§ **TASK DIRECTIONS**
Each line below that holds the string "leqP" counts once; report the total and nothing else.

Stored data
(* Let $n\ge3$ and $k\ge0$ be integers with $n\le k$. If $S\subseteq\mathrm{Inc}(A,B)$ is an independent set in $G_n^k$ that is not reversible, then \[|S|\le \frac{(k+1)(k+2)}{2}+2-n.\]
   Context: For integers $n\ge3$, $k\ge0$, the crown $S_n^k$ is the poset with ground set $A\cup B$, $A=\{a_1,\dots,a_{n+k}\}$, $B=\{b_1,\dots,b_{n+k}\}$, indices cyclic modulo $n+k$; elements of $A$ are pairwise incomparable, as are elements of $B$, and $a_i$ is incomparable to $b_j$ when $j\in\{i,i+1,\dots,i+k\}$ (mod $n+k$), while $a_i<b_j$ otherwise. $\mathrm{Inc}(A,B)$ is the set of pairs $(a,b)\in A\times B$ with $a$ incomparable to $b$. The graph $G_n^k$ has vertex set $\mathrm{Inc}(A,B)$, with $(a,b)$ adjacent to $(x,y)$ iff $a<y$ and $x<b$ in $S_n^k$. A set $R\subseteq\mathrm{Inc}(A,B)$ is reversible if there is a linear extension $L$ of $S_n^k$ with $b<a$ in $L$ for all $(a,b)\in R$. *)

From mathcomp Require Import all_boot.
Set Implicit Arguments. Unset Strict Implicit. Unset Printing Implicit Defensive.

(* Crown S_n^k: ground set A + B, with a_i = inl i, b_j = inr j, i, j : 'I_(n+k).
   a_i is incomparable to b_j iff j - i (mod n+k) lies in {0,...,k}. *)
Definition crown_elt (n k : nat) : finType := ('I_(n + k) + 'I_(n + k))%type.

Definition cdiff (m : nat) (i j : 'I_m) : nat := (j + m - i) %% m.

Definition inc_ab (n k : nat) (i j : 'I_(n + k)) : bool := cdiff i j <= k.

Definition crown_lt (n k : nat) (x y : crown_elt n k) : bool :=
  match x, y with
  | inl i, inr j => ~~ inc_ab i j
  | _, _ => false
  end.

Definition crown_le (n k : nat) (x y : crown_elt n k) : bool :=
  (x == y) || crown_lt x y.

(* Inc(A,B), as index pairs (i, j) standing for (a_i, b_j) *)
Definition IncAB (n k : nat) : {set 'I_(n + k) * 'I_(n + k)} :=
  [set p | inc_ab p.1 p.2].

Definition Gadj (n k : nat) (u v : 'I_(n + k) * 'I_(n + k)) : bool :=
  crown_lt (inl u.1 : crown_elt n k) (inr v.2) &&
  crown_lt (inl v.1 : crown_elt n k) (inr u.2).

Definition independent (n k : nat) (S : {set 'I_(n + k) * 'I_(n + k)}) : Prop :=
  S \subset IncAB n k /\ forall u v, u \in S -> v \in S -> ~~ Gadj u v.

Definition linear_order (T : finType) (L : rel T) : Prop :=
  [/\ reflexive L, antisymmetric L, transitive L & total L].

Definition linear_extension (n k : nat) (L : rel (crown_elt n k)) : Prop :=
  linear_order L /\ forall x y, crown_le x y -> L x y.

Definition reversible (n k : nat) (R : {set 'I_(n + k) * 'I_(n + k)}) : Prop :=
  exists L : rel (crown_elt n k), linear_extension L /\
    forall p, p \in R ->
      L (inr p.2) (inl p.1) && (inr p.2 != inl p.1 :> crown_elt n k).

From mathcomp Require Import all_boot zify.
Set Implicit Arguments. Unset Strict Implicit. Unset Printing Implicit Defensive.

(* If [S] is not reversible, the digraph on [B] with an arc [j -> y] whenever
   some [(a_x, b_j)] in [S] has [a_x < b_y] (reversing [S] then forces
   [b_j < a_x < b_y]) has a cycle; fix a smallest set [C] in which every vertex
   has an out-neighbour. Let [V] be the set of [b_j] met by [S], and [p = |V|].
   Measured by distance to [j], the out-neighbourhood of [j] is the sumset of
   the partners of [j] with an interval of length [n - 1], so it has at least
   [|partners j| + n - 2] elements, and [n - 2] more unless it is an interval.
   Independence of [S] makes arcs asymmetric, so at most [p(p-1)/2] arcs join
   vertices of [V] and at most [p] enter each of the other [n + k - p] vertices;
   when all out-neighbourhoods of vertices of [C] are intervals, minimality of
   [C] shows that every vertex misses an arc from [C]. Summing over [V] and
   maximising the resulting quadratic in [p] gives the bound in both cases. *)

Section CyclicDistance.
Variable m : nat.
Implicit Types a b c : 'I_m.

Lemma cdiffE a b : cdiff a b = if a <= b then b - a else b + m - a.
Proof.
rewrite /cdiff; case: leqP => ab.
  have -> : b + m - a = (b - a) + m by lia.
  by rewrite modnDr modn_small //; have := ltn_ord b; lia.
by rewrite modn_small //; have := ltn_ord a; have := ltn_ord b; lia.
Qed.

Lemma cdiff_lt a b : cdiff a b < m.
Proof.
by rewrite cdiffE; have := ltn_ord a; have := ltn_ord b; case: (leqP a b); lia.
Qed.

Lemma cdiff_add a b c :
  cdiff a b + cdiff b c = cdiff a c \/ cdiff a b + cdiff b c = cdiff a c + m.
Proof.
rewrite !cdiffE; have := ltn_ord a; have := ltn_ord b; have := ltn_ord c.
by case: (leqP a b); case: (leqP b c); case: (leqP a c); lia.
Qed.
* * *
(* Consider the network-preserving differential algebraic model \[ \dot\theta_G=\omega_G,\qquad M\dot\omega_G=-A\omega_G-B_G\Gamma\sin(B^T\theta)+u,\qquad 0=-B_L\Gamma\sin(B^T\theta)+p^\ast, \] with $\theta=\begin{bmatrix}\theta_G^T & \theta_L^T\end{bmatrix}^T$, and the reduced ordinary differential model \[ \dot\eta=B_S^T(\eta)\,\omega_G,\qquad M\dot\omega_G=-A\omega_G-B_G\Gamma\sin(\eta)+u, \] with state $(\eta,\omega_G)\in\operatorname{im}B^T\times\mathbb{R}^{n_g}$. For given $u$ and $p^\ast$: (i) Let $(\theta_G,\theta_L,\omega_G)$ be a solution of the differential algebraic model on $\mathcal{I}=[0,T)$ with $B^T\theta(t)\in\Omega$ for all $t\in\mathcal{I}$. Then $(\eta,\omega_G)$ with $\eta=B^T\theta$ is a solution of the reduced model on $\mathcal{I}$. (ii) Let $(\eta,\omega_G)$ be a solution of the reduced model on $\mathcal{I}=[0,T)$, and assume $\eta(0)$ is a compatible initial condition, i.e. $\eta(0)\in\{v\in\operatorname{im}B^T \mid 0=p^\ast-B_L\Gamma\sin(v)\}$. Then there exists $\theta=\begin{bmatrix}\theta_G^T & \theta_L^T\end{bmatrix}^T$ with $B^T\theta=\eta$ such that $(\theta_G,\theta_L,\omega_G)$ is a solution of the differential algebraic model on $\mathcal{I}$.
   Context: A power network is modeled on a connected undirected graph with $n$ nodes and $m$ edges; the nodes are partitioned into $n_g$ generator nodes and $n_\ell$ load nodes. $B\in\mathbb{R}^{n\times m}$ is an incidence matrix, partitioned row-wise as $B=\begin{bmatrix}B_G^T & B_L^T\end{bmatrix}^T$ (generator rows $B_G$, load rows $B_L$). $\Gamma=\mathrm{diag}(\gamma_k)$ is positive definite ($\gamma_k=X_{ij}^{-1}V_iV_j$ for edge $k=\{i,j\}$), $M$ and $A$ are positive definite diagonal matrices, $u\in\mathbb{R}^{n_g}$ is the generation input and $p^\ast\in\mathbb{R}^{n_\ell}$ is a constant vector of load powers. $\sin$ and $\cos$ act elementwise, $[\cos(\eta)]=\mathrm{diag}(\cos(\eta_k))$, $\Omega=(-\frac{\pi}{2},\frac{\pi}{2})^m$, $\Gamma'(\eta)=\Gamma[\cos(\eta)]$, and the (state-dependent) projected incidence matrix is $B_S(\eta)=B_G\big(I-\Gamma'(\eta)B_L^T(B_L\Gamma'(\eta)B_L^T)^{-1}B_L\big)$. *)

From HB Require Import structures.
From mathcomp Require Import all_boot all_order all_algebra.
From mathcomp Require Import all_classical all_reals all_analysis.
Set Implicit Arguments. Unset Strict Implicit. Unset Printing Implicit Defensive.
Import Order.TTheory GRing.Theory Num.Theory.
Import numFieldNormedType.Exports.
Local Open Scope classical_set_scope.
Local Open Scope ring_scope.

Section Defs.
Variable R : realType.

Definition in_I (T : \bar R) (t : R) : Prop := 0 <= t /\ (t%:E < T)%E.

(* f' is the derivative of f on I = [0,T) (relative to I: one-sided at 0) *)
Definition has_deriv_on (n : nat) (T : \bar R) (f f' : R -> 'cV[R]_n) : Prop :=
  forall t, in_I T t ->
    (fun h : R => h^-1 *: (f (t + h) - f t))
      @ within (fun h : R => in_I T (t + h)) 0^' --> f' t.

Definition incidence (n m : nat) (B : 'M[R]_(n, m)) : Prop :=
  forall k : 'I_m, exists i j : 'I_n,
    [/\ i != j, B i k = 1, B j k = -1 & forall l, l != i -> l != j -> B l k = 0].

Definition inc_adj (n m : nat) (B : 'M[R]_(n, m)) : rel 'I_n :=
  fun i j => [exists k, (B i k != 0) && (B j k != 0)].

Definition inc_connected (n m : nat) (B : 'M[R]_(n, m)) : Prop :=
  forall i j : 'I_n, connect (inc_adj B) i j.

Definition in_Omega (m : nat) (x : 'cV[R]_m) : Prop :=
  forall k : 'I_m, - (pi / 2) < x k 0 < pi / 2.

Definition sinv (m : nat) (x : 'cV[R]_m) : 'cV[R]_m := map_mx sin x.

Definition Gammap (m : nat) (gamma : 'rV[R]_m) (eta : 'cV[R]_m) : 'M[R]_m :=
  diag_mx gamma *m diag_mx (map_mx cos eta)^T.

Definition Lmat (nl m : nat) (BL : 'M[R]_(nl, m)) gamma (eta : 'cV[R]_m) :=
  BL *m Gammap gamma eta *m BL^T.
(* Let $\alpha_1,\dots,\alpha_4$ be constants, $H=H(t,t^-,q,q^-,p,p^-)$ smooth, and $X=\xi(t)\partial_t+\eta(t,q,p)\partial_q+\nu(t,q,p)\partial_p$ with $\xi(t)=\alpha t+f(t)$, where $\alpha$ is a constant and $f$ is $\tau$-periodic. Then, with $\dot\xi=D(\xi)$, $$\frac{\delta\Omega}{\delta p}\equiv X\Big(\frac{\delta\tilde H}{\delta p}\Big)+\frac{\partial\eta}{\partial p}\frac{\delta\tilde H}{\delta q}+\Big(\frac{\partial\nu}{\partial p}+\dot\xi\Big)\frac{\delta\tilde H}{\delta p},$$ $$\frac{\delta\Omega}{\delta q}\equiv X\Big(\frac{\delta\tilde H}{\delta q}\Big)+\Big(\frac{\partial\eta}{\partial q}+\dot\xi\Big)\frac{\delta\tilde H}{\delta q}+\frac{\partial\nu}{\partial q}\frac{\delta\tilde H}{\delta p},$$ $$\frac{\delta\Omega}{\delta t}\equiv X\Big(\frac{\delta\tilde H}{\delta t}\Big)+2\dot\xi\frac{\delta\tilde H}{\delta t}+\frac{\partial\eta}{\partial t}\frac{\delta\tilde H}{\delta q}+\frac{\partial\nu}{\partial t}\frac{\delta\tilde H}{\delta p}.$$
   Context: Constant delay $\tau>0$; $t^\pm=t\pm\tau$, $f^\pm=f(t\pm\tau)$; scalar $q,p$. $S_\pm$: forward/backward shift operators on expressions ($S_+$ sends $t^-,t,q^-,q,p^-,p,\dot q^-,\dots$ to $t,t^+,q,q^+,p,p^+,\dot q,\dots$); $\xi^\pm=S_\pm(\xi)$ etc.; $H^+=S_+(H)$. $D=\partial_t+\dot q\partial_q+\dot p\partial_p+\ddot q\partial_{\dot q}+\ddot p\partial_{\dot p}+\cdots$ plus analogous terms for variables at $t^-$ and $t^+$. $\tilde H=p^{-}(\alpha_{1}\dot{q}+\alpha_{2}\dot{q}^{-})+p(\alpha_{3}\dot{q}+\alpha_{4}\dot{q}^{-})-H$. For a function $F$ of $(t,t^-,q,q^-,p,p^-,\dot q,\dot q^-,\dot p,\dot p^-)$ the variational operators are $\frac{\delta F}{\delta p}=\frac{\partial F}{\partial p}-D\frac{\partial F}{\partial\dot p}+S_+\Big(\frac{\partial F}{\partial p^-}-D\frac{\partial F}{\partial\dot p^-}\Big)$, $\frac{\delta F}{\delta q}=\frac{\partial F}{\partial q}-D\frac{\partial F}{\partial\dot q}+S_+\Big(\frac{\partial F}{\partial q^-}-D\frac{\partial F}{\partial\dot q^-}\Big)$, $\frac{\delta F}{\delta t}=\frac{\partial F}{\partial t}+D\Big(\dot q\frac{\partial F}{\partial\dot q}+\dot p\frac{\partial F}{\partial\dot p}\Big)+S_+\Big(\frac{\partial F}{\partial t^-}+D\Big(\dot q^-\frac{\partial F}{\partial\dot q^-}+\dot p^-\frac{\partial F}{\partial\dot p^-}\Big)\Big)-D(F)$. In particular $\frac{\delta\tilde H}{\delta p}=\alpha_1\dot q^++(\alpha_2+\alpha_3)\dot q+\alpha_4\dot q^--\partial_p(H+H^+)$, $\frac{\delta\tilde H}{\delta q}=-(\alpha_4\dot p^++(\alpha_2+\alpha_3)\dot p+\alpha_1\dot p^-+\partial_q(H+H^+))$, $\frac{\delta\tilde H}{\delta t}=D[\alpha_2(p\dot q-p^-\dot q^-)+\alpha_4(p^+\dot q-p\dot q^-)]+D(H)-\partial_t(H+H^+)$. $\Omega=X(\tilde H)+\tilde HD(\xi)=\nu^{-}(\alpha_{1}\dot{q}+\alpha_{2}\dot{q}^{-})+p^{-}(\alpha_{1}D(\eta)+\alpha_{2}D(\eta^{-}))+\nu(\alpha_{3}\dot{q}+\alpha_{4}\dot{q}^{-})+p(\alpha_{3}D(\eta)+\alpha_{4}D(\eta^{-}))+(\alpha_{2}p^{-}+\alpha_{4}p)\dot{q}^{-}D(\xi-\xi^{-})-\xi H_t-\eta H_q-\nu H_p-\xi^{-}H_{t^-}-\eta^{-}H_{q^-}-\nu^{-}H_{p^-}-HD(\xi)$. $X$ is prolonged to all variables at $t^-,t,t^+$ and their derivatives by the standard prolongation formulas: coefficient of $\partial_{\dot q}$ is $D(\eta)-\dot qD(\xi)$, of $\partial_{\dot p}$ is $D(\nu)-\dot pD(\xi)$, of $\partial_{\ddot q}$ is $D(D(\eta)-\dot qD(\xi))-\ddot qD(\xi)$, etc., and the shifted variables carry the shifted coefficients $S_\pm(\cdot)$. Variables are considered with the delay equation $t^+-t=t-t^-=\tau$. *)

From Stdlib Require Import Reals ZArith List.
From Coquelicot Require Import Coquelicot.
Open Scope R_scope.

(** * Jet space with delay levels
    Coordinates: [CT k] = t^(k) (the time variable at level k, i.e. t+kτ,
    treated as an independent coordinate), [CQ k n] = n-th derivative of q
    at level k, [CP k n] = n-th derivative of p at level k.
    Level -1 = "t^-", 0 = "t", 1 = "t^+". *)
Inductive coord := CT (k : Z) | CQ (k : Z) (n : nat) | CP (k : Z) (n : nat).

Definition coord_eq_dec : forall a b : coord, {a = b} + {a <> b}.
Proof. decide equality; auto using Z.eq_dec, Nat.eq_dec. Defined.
...
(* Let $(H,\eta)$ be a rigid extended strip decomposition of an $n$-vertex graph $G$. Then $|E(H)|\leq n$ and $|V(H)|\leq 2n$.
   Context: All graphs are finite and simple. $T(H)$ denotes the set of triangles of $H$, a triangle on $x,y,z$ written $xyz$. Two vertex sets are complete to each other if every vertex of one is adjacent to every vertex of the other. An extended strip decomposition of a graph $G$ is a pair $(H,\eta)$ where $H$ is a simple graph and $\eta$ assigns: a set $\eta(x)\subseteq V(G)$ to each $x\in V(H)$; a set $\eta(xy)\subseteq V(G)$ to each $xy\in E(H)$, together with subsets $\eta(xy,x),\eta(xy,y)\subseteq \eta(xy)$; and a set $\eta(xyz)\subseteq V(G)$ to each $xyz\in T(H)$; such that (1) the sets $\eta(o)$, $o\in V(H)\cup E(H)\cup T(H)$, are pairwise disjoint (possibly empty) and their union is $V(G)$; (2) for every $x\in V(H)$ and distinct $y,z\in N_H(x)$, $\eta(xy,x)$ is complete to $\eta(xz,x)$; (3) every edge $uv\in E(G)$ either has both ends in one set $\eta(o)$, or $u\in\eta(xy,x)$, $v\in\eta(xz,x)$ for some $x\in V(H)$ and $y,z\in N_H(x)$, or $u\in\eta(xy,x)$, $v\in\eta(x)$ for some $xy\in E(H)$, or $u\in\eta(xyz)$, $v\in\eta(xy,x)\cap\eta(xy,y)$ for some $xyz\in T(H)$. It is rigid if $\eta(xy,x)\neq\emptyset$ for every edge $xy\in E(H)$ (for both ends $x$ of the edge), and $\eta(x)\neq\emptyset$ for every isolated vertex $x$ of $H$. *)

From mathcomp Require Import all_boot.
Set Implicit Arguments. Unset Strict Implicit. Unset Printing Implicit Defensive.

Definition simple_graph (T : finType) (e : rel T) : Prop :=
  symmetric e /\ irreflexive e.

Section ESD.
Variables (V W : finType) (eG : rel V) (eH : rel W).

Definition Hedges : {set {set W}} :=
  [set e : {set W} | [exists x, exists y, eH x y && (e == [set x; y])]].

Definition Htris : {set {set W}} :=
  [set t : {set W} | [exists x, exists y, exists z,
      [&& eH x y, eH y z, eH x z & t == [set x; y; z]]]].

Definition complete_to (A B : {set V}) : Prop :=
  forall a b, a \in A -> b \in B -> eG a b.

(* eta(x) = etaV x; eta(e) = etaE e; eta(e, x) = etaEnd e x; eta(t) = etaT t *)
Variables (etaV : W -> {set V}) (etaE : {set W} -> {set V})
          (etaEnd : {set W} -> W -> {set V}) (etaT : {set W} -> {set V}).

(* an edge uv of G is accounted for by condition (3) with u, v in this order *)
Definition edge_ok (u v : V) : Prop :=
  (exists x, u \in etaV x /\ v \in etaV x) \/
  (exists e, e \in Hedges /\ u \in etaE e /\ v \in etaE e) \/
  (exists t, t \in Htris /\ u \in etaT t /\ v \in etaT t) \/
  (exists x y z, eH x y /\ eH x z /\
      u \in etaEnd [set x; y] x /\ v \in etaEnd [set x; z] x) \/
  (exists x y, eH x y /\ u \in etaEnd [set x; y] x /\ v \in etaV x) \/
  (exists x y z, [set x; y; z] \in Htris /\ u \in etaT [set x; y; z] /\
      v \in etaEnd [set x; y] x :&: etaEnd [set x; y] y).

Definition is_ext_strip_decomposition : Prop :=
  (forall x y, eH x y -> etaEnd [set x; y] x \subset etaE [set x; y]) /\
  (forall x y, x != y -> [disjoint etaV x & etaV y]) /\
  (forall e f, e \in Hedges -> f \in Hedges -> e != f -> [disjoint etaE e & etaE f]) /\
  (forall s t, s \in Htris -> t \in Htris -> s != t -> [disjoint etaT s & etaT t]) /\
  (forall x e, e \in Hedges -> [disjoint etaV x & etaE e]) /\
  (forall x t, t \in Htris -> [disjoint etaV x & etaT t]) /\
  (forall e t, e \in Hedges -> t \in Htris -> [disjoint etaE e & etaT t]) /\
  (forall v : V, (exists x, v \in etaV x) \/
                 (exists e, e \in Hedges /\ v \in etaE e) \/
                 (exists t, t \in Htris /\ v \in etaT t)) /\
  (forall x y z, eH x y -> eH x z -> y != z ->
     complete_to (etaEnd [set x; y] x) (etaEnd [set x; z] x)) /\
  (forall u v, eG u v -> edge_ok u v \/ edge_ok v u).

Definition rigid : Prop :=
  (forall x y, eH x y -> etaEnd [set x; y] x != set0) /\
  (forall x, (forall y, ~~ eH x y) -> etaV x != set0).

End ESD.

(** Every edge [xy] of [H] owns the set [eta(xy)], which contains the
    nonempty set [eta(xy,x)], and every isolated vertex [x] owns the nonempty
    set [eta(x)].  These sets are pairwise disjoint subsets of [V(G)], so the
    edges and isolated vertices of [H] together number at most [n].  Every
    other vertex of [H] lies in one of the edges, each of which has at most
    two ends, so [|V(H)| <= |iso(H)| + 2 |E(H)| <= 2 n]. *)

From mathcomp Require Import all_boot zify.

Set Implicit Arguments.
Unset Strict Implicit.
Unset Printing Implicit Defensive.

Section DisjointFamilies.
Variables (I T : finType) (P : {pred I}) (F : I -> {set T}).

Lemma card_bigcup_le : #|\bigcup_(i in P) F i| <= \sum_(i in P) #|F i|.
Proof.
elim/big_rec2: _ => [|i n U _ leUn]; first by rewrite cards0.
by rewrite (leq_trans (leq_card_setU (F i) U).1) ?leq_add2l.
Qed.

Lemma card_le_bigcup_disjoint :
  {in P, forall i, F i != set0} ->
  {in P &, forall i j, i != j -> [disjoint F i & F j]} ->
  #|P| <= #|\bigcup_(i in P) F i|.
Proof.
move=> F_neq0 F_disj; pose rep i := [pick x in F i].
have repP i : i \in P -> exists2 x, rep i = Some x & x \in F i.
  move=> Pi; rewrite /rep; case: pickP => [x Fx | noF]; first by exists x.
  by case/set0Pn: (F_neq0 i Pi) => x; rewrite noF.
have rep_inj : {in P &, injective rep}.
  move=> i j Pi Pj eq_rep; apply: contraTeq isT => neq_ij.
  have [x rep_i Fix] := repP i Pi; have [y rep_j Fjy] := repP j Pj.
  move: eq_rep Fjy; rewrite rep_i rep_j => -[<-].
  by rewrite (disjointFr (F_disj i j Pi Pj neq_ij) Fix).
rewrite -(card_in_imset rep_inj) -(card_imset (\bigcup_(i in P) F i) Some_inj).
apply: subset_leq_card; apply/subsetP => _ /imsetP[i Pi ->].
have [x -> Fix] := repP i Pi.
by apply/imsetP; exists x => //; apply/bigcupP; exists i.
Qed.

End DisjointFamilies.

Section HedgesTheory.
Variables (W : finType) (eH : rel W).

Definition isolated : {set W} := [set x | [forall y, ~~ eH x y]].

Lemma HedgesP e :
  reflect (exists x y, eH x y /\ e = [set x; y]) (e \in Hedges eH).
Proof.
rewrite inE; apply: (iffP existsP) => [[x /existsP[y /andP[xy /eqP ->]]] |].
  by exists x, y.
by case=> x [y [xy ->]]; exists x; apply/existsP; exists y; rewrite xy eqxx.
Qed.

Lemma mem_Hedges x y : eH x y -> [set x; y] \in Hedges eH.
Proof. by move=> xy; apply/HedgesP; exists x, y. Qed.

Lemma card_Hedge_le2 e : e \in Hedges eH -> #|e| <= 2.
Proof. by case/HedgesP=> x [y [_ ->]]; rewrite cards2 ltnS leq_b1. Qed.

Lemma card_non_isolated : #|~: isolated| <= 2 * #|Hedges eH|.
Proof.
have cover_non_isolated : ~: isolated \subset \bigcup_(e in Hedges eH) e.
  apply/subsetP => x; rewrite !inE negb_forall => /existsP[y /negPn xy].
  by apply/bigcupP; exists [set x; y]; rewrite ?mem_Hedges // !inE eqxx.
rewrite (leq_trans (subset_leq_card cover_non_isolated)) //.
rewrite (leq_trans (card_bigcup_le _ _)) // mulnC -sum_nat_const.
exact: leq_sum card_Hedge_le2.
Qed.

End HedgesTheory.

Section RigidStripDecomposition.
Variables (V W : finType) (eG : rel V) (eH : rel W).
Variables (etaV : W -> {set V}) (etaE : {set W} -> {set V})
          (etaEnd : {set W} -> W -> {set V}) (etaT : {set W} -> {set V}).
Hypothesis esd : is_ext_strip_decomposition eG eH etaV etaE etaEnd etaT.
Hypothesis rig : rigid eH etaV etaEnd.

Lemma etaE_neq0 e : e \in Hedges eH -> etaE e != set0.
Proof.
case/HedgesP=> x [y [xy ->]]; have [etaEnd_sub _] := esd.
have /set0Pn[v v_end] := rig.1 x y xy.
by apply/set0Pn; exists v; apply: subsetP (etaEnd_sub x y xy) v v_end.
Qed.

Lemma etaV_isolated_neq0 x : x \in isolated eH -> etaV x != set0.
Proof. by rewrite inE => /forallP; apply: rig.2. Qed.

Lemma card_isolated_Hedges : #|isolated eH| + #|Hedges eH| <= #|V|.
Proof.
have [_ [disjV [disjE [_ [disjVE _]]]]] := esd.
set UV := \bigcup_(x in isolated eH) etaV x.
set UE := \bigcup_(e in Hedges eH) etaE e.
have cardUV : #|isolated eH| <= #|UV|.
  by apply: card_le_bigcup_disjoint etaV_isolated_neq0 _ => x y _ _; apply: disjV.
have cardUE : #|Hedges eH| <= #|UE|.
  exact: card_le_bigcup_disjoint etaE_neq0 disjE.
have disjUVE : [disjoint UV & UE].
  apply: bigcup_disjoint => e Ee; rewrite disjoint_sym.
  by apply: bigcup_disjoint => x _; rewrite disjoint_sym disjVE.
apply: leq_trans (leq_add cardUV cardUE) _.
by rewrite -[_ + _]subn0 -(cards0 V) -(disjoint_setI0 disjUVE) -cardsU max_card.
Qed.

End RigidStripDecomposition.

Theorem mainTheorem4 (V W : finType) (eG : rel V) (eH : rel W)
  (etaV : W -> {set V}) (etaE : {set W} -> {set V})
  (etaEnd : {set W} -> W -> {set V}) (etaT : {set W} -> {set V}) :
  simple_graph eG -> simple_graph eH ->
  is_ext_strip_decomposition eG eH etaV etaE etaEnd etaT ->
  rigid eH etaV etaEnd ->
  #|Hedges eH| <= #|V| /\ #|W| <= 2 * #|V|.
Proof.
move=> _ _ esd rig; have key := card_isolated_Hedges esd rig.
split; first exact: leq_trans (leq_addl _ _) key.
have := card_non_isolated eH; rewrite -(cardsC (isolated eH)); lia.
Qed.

§ **WORKED SOLUTION**
3